WORK TASK:
If a line in the records below contains "exprM", copy that line.

*** Opening of WORKING DATA ***

(* For every $m\ge2$, let $C=C_{2m}(1,1)=J_{2m}+E_{m-1,m+1}-E_{m,m+2}\in M_{2m}$. Then for all $\theta\in\mathbb{R}$ and $u\in\mathbb{C}$, $$\det\bigl(uI-H_C(\theta)\bigr)=2^{-2m}\bigl(U_m(u)-U_{m-1}(u)-U_{m-2}(u)\bigr)\bigl(U_m(u)+U_{m-1}(u)-U_{m-2}(u)\bigr).$$ In particular $C_{2m}(1,1)$ has the Circularity property.
   Context: $J_n$ is the $n\times n$ nilpotent Jordan block (ones on the first superdiagonal, zeros elsewhere); $E_{a,b}$ is the matrix unit with $1$ in position $(a,b)$ and zeros elsewhere. $H_X(\theta)=\frac12(e^{-i\theta}X+e^{i\theta}X^* )$; $X$ has the Circularity property if the spectrum of $H_X(\theta)$ is independent of $\theta$. $U_k$ are Chebyshev polynomials of the second kind: $U_{-1}=0$, $U_0=1$, $U_{k+1}(u)=2uU_k(u)-U_{k-1}(u)$. *)

From HB Require Import structures.
From mathcomp Require Import all_boot all_order all_algebra.
From mathcomp Require Import reals trigo.
From mathcomp Require Import complex.
Set Implicit Arguments. Unset Strict Implicit. Unset Printing Implicit Defensive.
Import Order.TTheory GRing.Theory Num.Theory.
Local Open Scope ring_scope.

Definition expi (R : realType) (t : R) : R[i] := Complex (cos t) (sin t).

Definition adjmx (R : realType) (n : nat) (X : 'M[R[i]]_n) : 'M[R[i]]_n :=
  map_mx (@conjc R) X^T.

Definition Hmx (R : realType) (n : nat) (X : 'M[R[i]]_n) (t : R) : 'M[R[i]]_n :=
  2^-1 *: (expi (- t) *: X + expi t *: adjmx X).

Definition circular (R : realType) (n : nat) (X : 'M[R[i]]_n) : Prop :=
  forall (t1 t2 : R) (l : R[i]),
    eigenvalue (Hmx X t1) l = eigenvalue (Hmx X t2) l.

Fixpoint chebU {F : nzRingType} (k : nat) (u : F) : F :=
  match k with
  | 0 => 1
  | 1 => 2 * u
  | (k'.+1 as k1).+1 => 2 * u * chebU k1 u - chebU k' u
  end.

(* The 2m x 2m matrix C_{2m}(1,1) = J_{2m} + E_{m-1,m+1} - E_{m,m+2}.
   Entries are indexed 1-based in the paper: row a = i+1, column b = j+1. *)
Definition Cmx (R : realType) (m : nat) : 'M[R[i]]_(2 * m) :=
  \matrix_(i < 2 * m, j < 2 * m)
    let a := i.+1 in let b := j.+1 in
    ((b == a.+1)%:R + ((a == m.-1) && (b == m.+1))%:R
                    - ((a == m) && (b == m.+2))%:R).

From HB Require Import structures.
From mathcomp Require Import all_boot all_order all_algebra.
From mathcomp Require Import reals trigo.
From mathcomp Require Import complex.
From mathcomp Require Import ring zify.
Set Implicit Arguments. Unset Strict Implicit. Unset Printing Implicit Defensive.
Import Order.TTheory GRing.Theory Num.Theory.
Local Open Scope ring_scope.

(* With x = 2u, e = e^{it} and w = e^{-it} (so e w = 1), the matrix 2(uI - H_C(t))
   is x I - w C - e C^T. It is tridiagonal with diagonal x and off-diagonal products
   e w = 1, except for the 4 x 4 block on the rows and columns m-1, ..., m+2
   (1-based). Expanding along the m-2 rows before and the m-2 rows after that block
   is the three-term recurrence of the Chebyshev polynomials, so the determinant is a
   combination, with coefficients U_{m-2}(u) and U_{m-3}(u), of minors of the block;
   this combination depends on x and e w only, which makes it independent of t. *)

Section NatIndexedMatrices.
Variable R : comNzRingType.
Implicit Types f g : nat -> nat -> R.

(* Entry functions are defined on all of nat, so that shifting indices is plain
   arithmetic. *)
Definition fmx n f : 'M[R]_n := \matrix_(i < n, j < n) f i j.

Lemma eq_det_fmx n f g :
  (forall i j, (i < n)%N -> (j < n)%N -> f i j = g i j) ->
  \det (fmx n f) = \det (fmx n g).
Proof. by move=> eq_fg; congr (\det _); apply/matrixP => i j; rewrite !mxE eq_fg. Qed.

Lemma det_fmx_tr n f : \det (fmx n f) = \det (fmx n (fun i j => f j i)).
Proof. by rewrite -det_tr; congr (\det _); apply/matrixP => i j; rewrite !mxE. Qed.

Lemma expand_det_fmx_first n f : \det (fmx n.+1 f) =
  \sum_(j < n.+1) f 0%N j * ((-1) ^+ j * \det (fmx n (fun a b => f a.+1 (bump j b)))).
Proof.
rewrite (expand_det_row _ ord0); apply: eq_bigr => j _; rewrite !mxE /cofactor add0n.
by congr (_ * (_ * \det _)); apply/matrixP => a b; rewrite !mxE.
Qed.

Lemma expand_det_fmx_last n f : \det (fmx n.+1 f) =
  \sum_(j < n.+1) f n j * ((-1) ^+ (n + j)%N * \det (fmx n (fun a b => f a (bump j b)))).
Proof.
rewrite (expand_det_row _ ord_max); apply: eq_bigr => j _; rewrite !mxE /cofactor.
congr (_ * (_ * \det _)); apply/matrixP => a b; rewrite !mxE /=.
by rewrite /bump leqNgt ltn_ord.
Qed.

Lemma det_fmx_peel_first n f :
  (forall j, (2 <= j)%N -> f 0%N j = 0) -> (forall i, (2 <= i)%N -> f i 0%N = 0) ->
  \det (fmx n.+2 f) = f 0%N 0%N * \det (fmx n.+1 (fun a b => f a.+1 b.+1))
     - f 0%N 1%N * f 1%N 0%N * \det (fmx n (fun a b => f a.+2 b.+2)).
Proof.
move=> row0 col0.
rewrite expand_det_fmx_first !big_ord_recl big1 ?addr0; last first.
  by move=> j _; rewrite row0 ?mul0r.
rewrite /= expr0 mul1r expr1; congr (_ + _).
rewrite det_fmx_tr expand_det_fmx_first big_ord_recl big1 ?addr0; last first.
  by move=> j _; rewrite col0 ?mul0r.
rewrite /= expr0 mul1r det_fmx_tr mulN1r mulrN mulrA.
by congr (- (_ * \det _)); apply/matrixP => a b; rewrite !mxE.
Qed.

Lemma det_fmx_peel_last n f :
  (forall j, (j < n)%N -> f n.+1 j = 0) -> (forall i, (i < n)%N -> f i n.+1 = 0) ->
  \det (fmx n.+2 f) = f n.+1 n.+1 * \det (fmx n.+1 f)
     - f n.+1 n * f n n.+1 * \det (fmx n f).
Proof.
move=> rowl coll.
rewrite expand_det_fmx_last !big_ord_recr /= big1 ?add0r; last first.
  by move=> j _; rewrite rowl ?mul0r.
rewrite addSn !addnn exprS -!muln2 !exprM !sqrr_sign mulr1 mulN1r mul1r addrC.
congr (_ * _ + _); first by apply: eq_det_fmx => i j _ lt_j; rewrite /bump leqNgt lt_j.
rewrite mulrN -mulrA; congr (- (_ * _)).
rewrite det_fmx_tr expand_det_fmx_last big_ord_recr /= big1 ?add0r; last first.
  by move=> j _; rewrite /bump leqnn coll ?mul0r.
rewrite addnn -muln2 exprM sqrr_sign mul1r det_fmx_tr /bump leqnn.
congr (_ * _); apply: eq_det_fmx => i j lt_i lt_j.
by rewrite /bump leqNgt lt_i leqNgt lt_j.
Qed.

End NatIndexedMatrices.

Section Continuants.
Variables (R : comNzRingType) (x : R).
Implicit Types f : nat -> nat -> R.

Fixpoint lucasU k : R :=
  match k with
  | 0 => 0
  | 1 => 1
  | (k'.+1 as k1).+1 => x * lucasU k1 - lucasU k'
  end.

Lemma lucasU_SS k : lucasU k.+2 = x * lucasU k.+1 - lucasU k.
Proof. by []. Qed.

Lemma lucasU_unroll q (D : nat -> R) :
  (forall k, (k < q)%N -> D k = x * D k.+1 - D k.+2) ->
  D 0%N = lucasU q.+1 * D q - lucasU q * D q.+1.
Proof.
elim/ltn_ind: q D => -[|[|q]] IH D rec.
- by rewrite /= mul1r mul0r subr0.
- by rewrite (rec 0%N) //= mulr1 subr0 mul1r.
rewrite (rec 0%N) // (IH q.+1 _ (fun k => D k.+1)) => [|//|k lt_k]; last exact: rec.
rewrite (IH q _ (fun k => D k.+2)) => [|//|k lt_k]; last by apply: rec; lia.
by rewrite !lucasU_SS; ring.
Qed.

Lemma det_fmx_head f q n :
  (forall k, (k < q)%N -> f k k = x /\ f k k.+1 * f k.+1 k = 1) ->
  (forall k j, (k < q)%N -> (k.+2 <= j)%N -> f k j = 0 /\ f j k = 0) ->
  \det (fmx (n.+1 + q) f) =
    lucasU q.+1 * \det (fmx n.+1 (fun a b => f (q + a)%N (q + b)%N))
    - lucasU q * \det (fmx n (fun a b => f (q.+1 + a)%N (q.+1 + b)%N)).
Proof.
move=> tridiag far.
pose D k := \det (fmx (n.+1 + q - k) (fun a b => f (k + a)%N (k + b)%N)).
transitivity (D 0%N); first by rewrite /D subn0.
rewrite (@lucasU_unroll q D) => [|k lt_kq]; rewrite /D.
  have -> : (n.+1 + q - q = n.+1)%N by lia.
  by have -> : (n.+1 + q - q.+1 = n)%N by lia.
have -> : (n.+1 + q - k = (n.+1 + q - k.+2).+2)%N by lia.
have -> : (n.+1 + q - k.+1 = (n.+1 + q - k.+2).+1)%N by lia.
rewrite det_fmx_peel_first => [|j le2j|i le2i]; rewrite ?addn0 ?addn1; first last.
- by case: (far k (k + i)%N) => //; lia.
- by case: (far k (k + j)%N) => //; lia.
have [-> ->] := tridiag k lt_kq.
by rewrite mul1r; congr (_ * _ - _); apply: eq_det_fmx => a b _ _; rewrite !addnS !addSn.
Qed.

Lemma det_fmx_tail f q n :
  (forall k, (n <= k < n + q)%N -> f k.+1 k.+1 = x /\ f k.+1 k * f k k.+1 = 1) ->
  (forall k j, (n <= k < n + q)%N -> (j < k)%N -> f k.+1 j = 0 /\ f j k.+1 = 0) ->
  \det (fmx (n + q).+1 f) = lucasU q.+1 * \det (fmx n.+1 f) - lucasU q * \det (fmx n f).
Proof.
move=> tridiag far.
pose D k := \det (fmx ((n + q).+1 - k) f).
transitivity (D 0%N); first by rewrite /D subn0.
rewrite (@lucasU_unroll q D) => [|k lt_kq]; rewrite /D.
  have -> : ((n + q).+1 - q = n.+1)%N by lia.
  by have -> : ((n + q).+1 - q.+1 = n)%N by lia.
have lt_l : (n <= n + q - k.+1 < n + q)%N by lia.
have -> : ((n + q).+1 - k = (n + q - k.+1).+2)%N by lia.
have -> : ((n + q).+1 - k.+1 = (n + q - k.+1).+1)%N by lia.
have -> : ((n + q).+1 - k.+2 = n + q - k.+1)%N by lia.
rewrite det_fmx_peel_last => [|i lt_i|j lt_j]; first last.
- by case: (far _ j lt_l).
- by case: (far _ i lt_l).
by have [-> ->] := tridiag _ lt_l; rewrite mul1r.
Qed.
End Continuants.

Section Pencil.
Variables (R : comNzRingType) (x e w : R).

(* 0-based entries of C_{2(p+2)}(1,1): the two extra entries sit at (p, p+2) and
   (p+1, p+3). *)
Definition Centry (p i j : nat) : R :=
  (j == i.+1)%:R + ((i == p) && (j == p.+2))%:R - ((i == p.+1) && (j == p.+3))%:R.

Definition pencil p i j : R := x * (i == j)%:R - w * Centry p i j - e * Centry p j i.

Ltac Centry_cases :=
  rewrite /Centry; do ![case: eqP => ? /=]; rewrite ?subrr ?subr0 ?addr0 //; lia.

Lemma Centry_lower p i j : (j <= i)%N -> Centry p i j = 0.
Proof. by move=> le_ji; Centry_cases. Qed.

Lemma Centry_succ p i : Centry p i i.+1 = 1.
Proof. by Centry_cases. Qed.

Lemma Centry_far p i j :
  (i.+2 <= j)%N -> (i < p)%N || (p.+3 < j)%N -> Centry p i j = 0.
Proof. by move=> lt_ij /orP away; Centry_cases. Qed.

Lemma pencil_diag p i : pencil p i i = x.
Proof. by rewrite /pencil Centry_lower // eqxx mulr1n; ring. Qed.

Lemma pencil_succ p i : pencil p i i.+1 = - w.
Proof. by rewrite /pencil Centry_succ Centry_lower // (ltn_eqF (ltnSn i)) mulr0n; ring. Qed.

Lemma pencil_pred p i : pencil p i.+1 i = - e.
Proof. by rewrite /pencil Centry_succ Centry_lower // (gtn_eqF (ltnSn i)) mulr0n; ring. Qed.

Lemma pencil_far p i j : (i.+2 <= j)%N -> (i < p)%N || (p.+3 < j)%N ->
  pencil p i j = 0 /\ pencil p j i = 0.
Proof.
move=> lt_ij away; have [ne_ij ne_ji] : i != j /\ j != i by split; apply/eqP; lia.
rewrite /pencil Centry_far // !Centry_lower; try lia.
by rewrite (negbTE ne_ij) (negbTE ne_ji) mulr0n; split; ring.
Qed.

Lemma pencil_shift k q a b : pencil (k + q)%N (k + a)%N (k + b)%N = pencil q a b.
Proof. by rewrite /pencil /Centry -!addnS !eqn_add2l. Qed.

Ltac compute_det_fmx :=
  rewrite !(expand_det_fmx_first, big_ord_recl, big_ord0, det_mx00) /pencil /Centry /bump /=; ring.

Lemma det_pencil_core4 :
  \det (fmx 4 (pencil 0)) = x ^+ 4 - 5 * x ^+ 2 * (e * w) + 4 * (e * w) ^+ 2.
Proof. compute_det_fmx. Qed.

(* Only this sum enters det_pencil; each summand separately contains e + w. *)
Lemma det_pencil_core3 :
  \det (fmx 3 (pencil 0)) + \det (fmx 3 (fun a b => pencil 0 a.+1 b.+1))
  = 2 * x ^+ 3 - 6 * x * (e * w).
Proof. compute_det_fmx. Qed.

Lemma det_pencil_core2 : \det (fmx 2 (fun a b => pencil 0 a.+1 b.+1)) = x ^+ 2 - e * w.
Proof. compute_det_fmx. Qed.

Lemma det_pencil p : e * w = 1 ->
  \det (fmx (2 * p.+2) (pencil p)) =
    (lucasU x p.+3 - lucasU x p.+2 - lucasU x p.+1)
    * (lucasU x p.+3 + lucasU x p.+2 - lucasU x p.+1).
Proof.
move=> ew1.
have core n : \det (fmx n (fun a b => pencil p (p + a)%N (p + b)%N)) = \det (fmx n (pencil 0)).
  by apply: eq_det_fmx => a b _ _; rewrite -[pencil 0 a b](pencil_shift p) addn0.
have core1 n : \det (fmx n (fun a b => pencil p (p.+1 + a)%N (p.+1 + b)%N))
             = \det (fmx n (fun a b => pencil 0 a.+1 b.+1)).
  by apply: eq_det_fmx => a b _ _; rewrite -[pencil 0 _ _](pencil_shift p) addn0 !addSnnS.
have -> : (2 * p.+2 = (p.+3 + p).+1)%N by lia.
rewrite (@det_fmx_tail _ x) => [|k _|k j /andP[le_pk _] lt_jk]; first last.
- have away : (j < p)%N || (p.+3 < k.+1)%N by rewrite ltnS le_pk orbT.
  by have [-> ->] := @pencil_far p j k.+1 lt_jk away.
- by rewrite pencil_diag pencil_pred pencil_succ mulrNN ew1.
have head_tridiag k : (k < p)%N -> pencil p k k = x /\ pencil p k k.+1 * pencil p k.+1 k = 1.
  by rewrite pencil_diag pencil_succ pencil_pred mulrNN mulrC ew1.
have head_far k j : (k < p)%N -> (k.+2 <= j)%N -> pencil p k j = 0 /\ pencil p j k = 0.
  by move=> lt_kp lt_kj; apply: pencil_far; rewrite ?lt_kp.
rewrite (det_fmx_head 3 head_tridiag head_far) (det_fmx_head 2 head_tridiag head_far).
rewrite !core !core1 !lucasU_SS.
set a := lucasU x p.+1; set b := lucasU x p.
transitivity (a ^+ 2 * \det (fmx 4 (pencil 0))
  - a * b * (\det (fmx 3 (pencil 0)) + \det (fmx 3 (fun i j => pencil 0 i.+1 j.+1)))
  + b ^+ 2 * \det (fmx 2 (fun i j => pencil 0 i.+1 j.+1))); first by ring.
by rewrite det_pencil_core4 det_pencil_core3 det_pencil_core2 ew1; ring.
Qed.

End Pencil.

Lemma chebU_lucasU (R : comNzRingType) k (u : R) : chebU k u = lucasU (2 * u) k.+1.
Proof.
suff : chebU k u = lucasU (2 * u) k.+1 /\ chebU k.+1 u = lucasU (2 * u) k.+2 by case.
elim: k => [|k [IHk IHk1]]; first by rewrite /= mulr1 subr0.
by split; last by rewrite lucasU_SS -IHk -IHk1.
Qed.

Lemma eigenvalue_det (F : fieldType) n (A : 'M[F]_n) a :
  eigenvalue A a = (\det (a%:M - A) == 0).
Proof.
apply/eigenvalueP/det0P => [[v Av_av v_nz] | [v v_nz Av_av]]; exists v => //.
  by rewrite mulmxBr Av_av mul_mx_scalar subrr.
by apply/eqP; rewrite -mul_mx_scalar eq_sym -subr_eq0 -mulmxBr Av_av.
Qed.

Section HermitianPart.
Variable R : realType.

Lemma expi_mulN (t : R) : expi t * expi (- t) = 1.
Proof.
rewrite /expi cosN sinN; apply/eqP; rewrite eq_complex /=.
by rewrite mulrN opprK -!expr2 cos2Dsin2 eqxx mulrN mulrC addNr eqxx.
Qed.

Lemma Cmx_Centry p (i j : 'I_(2 * p.+2)) : Cmx R p.+2 i j = Centry _ p i j.
Proof. by rewrite mxE. Qed.

Lemma conjc_Centry p i j : (Centry R[i] p i j)^*%C = Centry _ p i j.
Proof. by rewrite /Centry rmorphB rmorphD /= !conjc_nat. Qed.

Lemma Hmx_entry n (X : 'M[R[i]]_n) t i j :
  Hmx X t i j = 2^-1 * (expi (- t) * X i j + expi t * (X j i)^*%C).
Proof. by rewrite !mxE. Qed.

Lemma Hmx_Cmx_pencil p t (u : R[i]) :
  u%:M - Hmx (Cmx R p.+2) t =
    2^-1 *: fmx (2 * p.+2) (pencil (2 * u) (expi t) (expi (- t)) p).
Proof.
apply/matrixP => i j; rewrite mxE [X in _ + X]mxE Hmx_entry !Cmx_Centry conjc_Centry !mxE /pencil.
by rewrite -mulr_natr; field.
Qed.

Lemma det_char_Hmx_Cmx m (t : R) (u : R[i]) : (2 <= m)%N ->
  \det (u%:M - Hmx (Cmx R m) t) =
    (2 ^+ (2 * m))^-1
    * (chebU m u - chebU m.-1 u - chebU m.-2 u)
    * (chebU m u + chebU m.-1 u - chebU m.-2 u).
Proof.
case: m => [|[|p]] // _.
rewrite Hmx_Cmx_pencil detZ det_pencil ?expi_mulN // !chebU_lucasU.
by rewrite exprVn mulrA.
Qed.

Lemma circular_of_det_char n (X : 'M[R[i]]_n) :
  (forall t1 t2 u, \det (u%:M - Hmx X t1) = \det (u%:M - Hmx X t2)) -> circular X.
Proof.
move=> eq_det t1 t2 l.
by apply: etrans (eigenvalue_det _ _) _; rewrite (eq_det t1 t2) -eigenvalue_det.
Qed.

End HermitianPart.

Theorem mainTheorem17 (R : realType) (m : nat) (hm : (2 <= m)%N) :
  (forall (t : R) (u : R[i]),
     \det (u%:M - Hmx (Cmx R m) t) =
       (2 ^+ (2 * m))^-1
       * (chebU m u - chebU m.-1 u - chebU m.-2 u)
       * (chebU m u + chebU m.-1 u - chebU m.-2 u))
  /\ circular (Cmx R m).
Proof.
have char_Hmx t u := @det_char_Hmx_Cmx R m t u hm.
split; first exact: char_Hmx.
apply: circular_of_det_char => t1 t2 u.
(* Rewriting both sides at once would make Rocq try to unify H_C(t1) with H_C(t2). *)
by rewrite [LHS]char_Hmx [RHS]char_Hmx.
Qed.
(* The polynomial $\mathbf{p}_t$ is a well-defined invariant of (oriented) virtual knots, and it is a Vassiliev invariant of degree one for virtual knots (with values in the abelian group $\mathbf{Z}[t]$).
   Context: A virtual knot diagram is an oriented closed curve immersed in the plane with finitely many transverse double points, each either a classical crossing (with over/under information) or a virtual crossing (encircled, carrying no over/under information). Virtual knots are equivalence classes of such diagrams under the classical Reidemeister moves and the virtual Reidemeister moves (moves V1, V2, V3 involving only virtual crossings, and the mixed move in which a strand containing only virtual crossings passes across a classical crossing). The sign $\operatorname{sign}(d)\in\{\pm1\}$ of a classical crossing $d$ is $+1$ if the pair (direction of over-strand, direction of under-strand) is a positively oriented basis of the plane, and $-1$ otherwise. Smoothing a diagram at a classical crossing $d$ means replacing $d$ by two non-crossing arcs in the unique way respecting orientations; this yields a two-component virtual link diagram. Order its components as $(1,2)$, forget over/under data, and set $i(d)=\sum_{x\in 1\cap 2}\operatorname{sgn}(x)$, where $1\cap 2$ is the set of classical crossings between the two components and $\operatorname{sgn}(x)=+1$ if (tangent of component 1, tangent of component 2) at $x$ is positively oriented, $-1$ otherwise; $|i(d)|$ does not depend on the ordering. For a virtual knot $K$ with diagram $\widetilde K$, $\mathbf{p}_t(K)=\sum_d \operatorname{sign}(d)\,(t^{|i(d)|}-1)\in\mathbf{Z}[t]$, summed over all classical crossings $d$ of $\widetilde K$. Singular virtual knots are virtual knots with finitely many additional transverse self-intersection points (double-points), considered up to the classical and virtual Reidemeister moves together with the standard moves involving double-points. Any invariant $V$ of virtual knots with values in an abelian group $A$ extends to singular virtual knots by the recursion $V(K)=V(K^+)-V(K^-)$, where $K^\pm$ is obtained by resolving a chosen double-point of $K$ into a positive, resp. negative, classical crossing (the result is independent of the order of resolution). $V$ is a Vassiliev invariant of degree $\le n$ if it vanishes on all singular virtual knots with more than $n$ double-points; the degree is the smallest such $n$. *)

From mathcomp Require Import all_boot all_order all_algebra.
From Stdlib Require Import Relations.
Set Implicit Arguments. Unset Strict Implicit. Unset Printing Implicit Defensive.
Import Order.TTheory GRing.Theory Num.Theory.
Local Open Scope ring_scope.

(* One passage of the knot through a classical crossing:
   [lab] = name of the crossing, [over] = the knot passes over here,
   [pos] = the crossing has sign +1 (stored at both passages). *)
Record passage := Pass { lab : nat; over : bool; pos : bool }.

(* A (signed) Gauss code: the sequence of classical crossings met when
   travelling once along the oriented knot from a base point.  Virtual
   crossings are not recorded. *)
Definition gcode := seq passage.

Definition labels (D : gcode) : seq nat := map lab D.

Definition wf (D : gcode) : Prop :=
  forall d, d \in labels D ->
    exists s, count (fun e => (lab e == d) && over e && (pos e == s)) D = 1%N /\
              count (fun e => (lab e == d) && ~~ over e && (pos e == s)) D = 1%N /\
              count (fun e => lab e == d) D = 2%N.

(* Virtual moves (V1-V3 and the mixed move) do not change the Gauss code. *)

Definition R1 (D D' : gcode) : Prop :=
  exists u v d o s,
    D = u ++ [:: Pass d o s; Pass d (~~ o) s] ++ v /\ D' = u ++ v /\
    d \notin labels (u ++ v).

(* R2: one strand passes over two crossings c, e of opposite signs that are
   passed consecutively (in either order) by a second strand *)
Definition R2 (D D' : gcode) : Prop :=
  exists u v w x c e s,
    D = u ++ [:: Pass c true s; Pass e true (~~ s)] ++ v ++ w ++ x /\
    (w = [:: Pass c false s; Pass e false (~~ s)] \/
     w = [:: Pass e false (~~ s); Pass c false s]) /\
    D' = u ++ v ++ x /\ c != e /\
    c \notin labels (u ++ v ++ x) /\ e \notin labels (u ++ v ++ x).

*** Close of WORKING DATA ***

SOLUTION FOR THIS PROBLEM:
rewrite addSn !addnn exprS -!muln2 !exprM !sqrr_sign mulr1 mulN1r mul1r addrC.
rewrite addnn -muln2 exprM sqrr_sign mul1r det_fmx_tr /bump leqnn.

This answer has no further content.